**Records**
§ §

(* Let $s>2$ be an integer, $A_s=\{0,1,\dots,s-1\}$, and let $A_0,A_1$ be disjoint subsets of $A_s$ with $A_0\cup A_1=A_s$, $A_0\neq A_s\neq A_1$. Let $f:[0,1]\to[0,1]$ be defined by $$f\big(\Delta^{s*}_{\alpha_1\alpha_2\dots\alpha_n\dots}\big)=\Delta^{2*}_{\beta_1\beta_2\dots\beta_n\dots},$$ where $\beta_1=0$ if $\alpha_1\in A_0$, $\beta_1=1$ if $\alpha_1\in A_1$, and for $n\ge 1$, $\beta_{n+1}=\beta_n$ if $\alpha_{n+1}=\alpha_n$ and $\beta_{n+1}=1-\beta_n$ if $\alpha_{n+1}\neq\alpha_n$. Then $f$ is continuous on $[0,1]$ and has unbounded (infinite) total variation on $[0,1]$.
   Context: $L_s=A_s\times A_s\times\cdots$ denotes the space of sequences $(\alpha_n)$ with $\alpha_n\in A_s$. The $s*$-representation is an encoding of $[0,1]$ topologically equivalent to the classical $s$-adic one: there is a continuous strictly monotone surjection $h_s:[0,1]\to[0,1]$ such that $\Delta^{s*}_{\alpha_1\alpha_2\dots}=h_s\big(\sum_{n\ge1}\alpha_n s^{-n}\big)$ for every $(\alpha_n)\in L_s$. Likewise the $2*$-representation is given by a continuous strictly monotone surjection $h_2:[0,1]\to[0,1]$ via $\Delta^{2*}_{\beta_1\beta_2\dots}=h_2\big(\sum_{n\ge1}\beta_n 2^{-n}\big)$, $\beta_n\in\{0,1\}$. The value of $f(x)$ given by the formula does not depend on which $s*$-code of $x$ is used, so $f$ is a well-defined function on $[0,1]$. *)

From HB Require Import structures.
From mathcomp Require Import all_boot all_order all_algebra.
From mathcomp Require Import all_classical all_reals all_analysis.
Set Implicit Arguments. Unset Strict Implicit. Unset Printing Implicit Defensive.
Import Order.TTheory GRing.Theory Num.Theory.
Import numFieldNormedType.Exports.
Local Open Scope classical_set_scope.
Local Open Scope ring_scope.

(* Binary digit sequence beta_1 beta_2 ... (indexed from 0: beta n = beta_{n+1})
   built from the s-ary digit sequence alpha (alpha n = alpha_{n+1}):
   beta_1 = 1 iff alpha_1 \in A1 (i.e. = 0 iff alpha_1 \in A0);
   beta_{n+1} = beta_n if alpha_{n+1} = alpha_n, else 1 - beta_n. *)
Fixpoint beta_seq (s : nat) (A1 : {set 'I_s}) (alpha : nat -> 'I_s) (n : nat) : bool :=
  match n with
  | 0 => alpha 0 \in A1
  | k.+1 => if alpha k.+1 == alpha k then beta_seq A1 alpha k
            else ~~ beta_seq A1 alpha k
  end.

Definition sadic_value (R : realType) (s : nat) (alpha : nat -> 'I_s) : R :=
  limn (fun N : nat => \sum_(0 <= n < N) ((nat_of_ord (alpha n))%:R / (s%:R ^+ n.+1) : R)).

Definition binary_value (R : realType) (beta : nat -> bool) : R :=
  limn (fun N : nat => \sum_(0 <= n < N) ((nat_of_bool (beta n))%:R / (2%:R ^+ n.+1) : R)).

Definition coding_map (R : realType) (h : R -> R) : Prop :=
  {within `[0, 1]%classic, continuous h} /\
  ({in `[0, 1]%classic &, forall x y, x < y -> h x < h y} \/
   {in `[0, 1]%classic &, forall x y, x < y -> h y < h x}) /\
  h @` `[0, 1]%classic = `[0, 1]%classic.

(* The rank-m s-adic cylinder of a code a is mapped by f into the h_2-image of the
   rank-m binary cylinder of beta(a).  Continuity: codes with close values lie in equal
   or adjacent rank-m cylinders, and the two codes of the common endpoint of adjacent
   cylinders have the same binary value, so the binary values differ by at most
   2 * 2^-m.  Unbounded variation: let V(a, m) be the variation of f over the image of
   the cylinder and J(a, m) the length of the h_2-image of the binary cylinder.  A
   cylinder whose last digit is d contains the subcylinder continuing with d and, as
   s > 2, two more whose binary cylinder is the half where the bit flips, of length
   J(a, m) - J(a, m + 1).  Following the constant continuation and using J -> 0 turns
   V >= K J into V >= 2 K J, so V >= 2^k J for all k, which a finite total variation
   forbids. *)

From HB Require Import structures.
From mathcomp Require Import all_boot all_order all_algebra.
From mathcomp Require Import all_classical all_reals all_analysis.
From mathcomp Require Import ring lra zify.
Import Order.TTheory GRing.Theory Num.Theory.
Import numFieldNormedType.Exports.

Set Implicit Arguments. Unset Strict Implicit. Unset Printing Implicit Defensive.
Local Open Scope classical_set_scope.
Local Open Scope ring_scope.

Section RadixExpansion.
Variable R : realType.
Variable r : nat.
Hypothesis r_gt1 : (1 < r)%N.
Implicit Types (d : nat -> nat) (N : nat).

Definition radix_sum d N : R := \sum_(0 <= n < N) ((d n)%:R / (r%:R ^+ n.+1) : R).
Definition radix_value d : R := limn (radix_sum d).

Fixpoint radix_nat d N : nat :=
  if N is N'.+1 then (r * radix_nat d N' + d N')%N else 0%N.

Let r_gt0 : 0 < r%:R :> R.
Proof. by rewrite ltr0n (ltn_trans _ r_gt1). Qed.

Let invexp_gt0 N : 0 < r%:R ^- N :> R.
Proof. by rewrite invr_gt0 exprn_gt0. Qed.

Lemma radix_sum0 d : radix_sum d 0 = 0.
Proof. by rewrite /radix_sum big_geq. Qed.

Lemma radix_sumS d N : radix_sum d N.+1 = radix_sum d N + (d N)%:R / r%:R ^+ N.+1.
Proof. by rewrite /radix_sum big_nat_recr. Qed.

Lemma eq_radix_sum d d' N : {in gtn N, d =1 d'} -> radix_sum d N = radix_sum d' N.
Proof. by move=> dd'; apply: eq_big_nat => n /andP[_ nN]; rewrite dd'. Qed.

Lemma radix_sum_ge0 d N : 0 <= radix_sum d N.
Proof. by rewrite sumr_ge0 // => n _; rewrite divr_ge0 // ltW. Qed.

§ §

**The problem**
Starting at the line that contains "Proof. by rewrite invr_gt0 exprn_gt0. Qed.", restate word for word every line through the last one in the records above. Return nothing else.

**Written response**
Proof. by rewrite invr_gt0 exprn_gt0. Qed.

Lemma radix_sum0 d : radix_sum d 0 = 0.
Proof. by rewrite /radix_sum big_geq. Qed.

Lemma radix_sumS d N : radix_sum d N.+1 = radix_sum d N + (d N)%:R / r%:R ^+ N.+1.
Proof. by rewrite /radix_sum big_nat_recr. Qed.

Lemma eq_radix_sum d d' N : {in gtn N, d =1 d'} -> radix_sum d N = radix_sum d' N.
Proof. by move=> dd'; apply: eq_big_nat => n /andP[_ nN]; rewrite dd'. Qed.

Lemma radix_sum_ge0 d N : 0 <= radix_sum d N.
Proof. by rewrite sumr_ge0 // => n _; rewrite divr_ge0 // ltW. Qed.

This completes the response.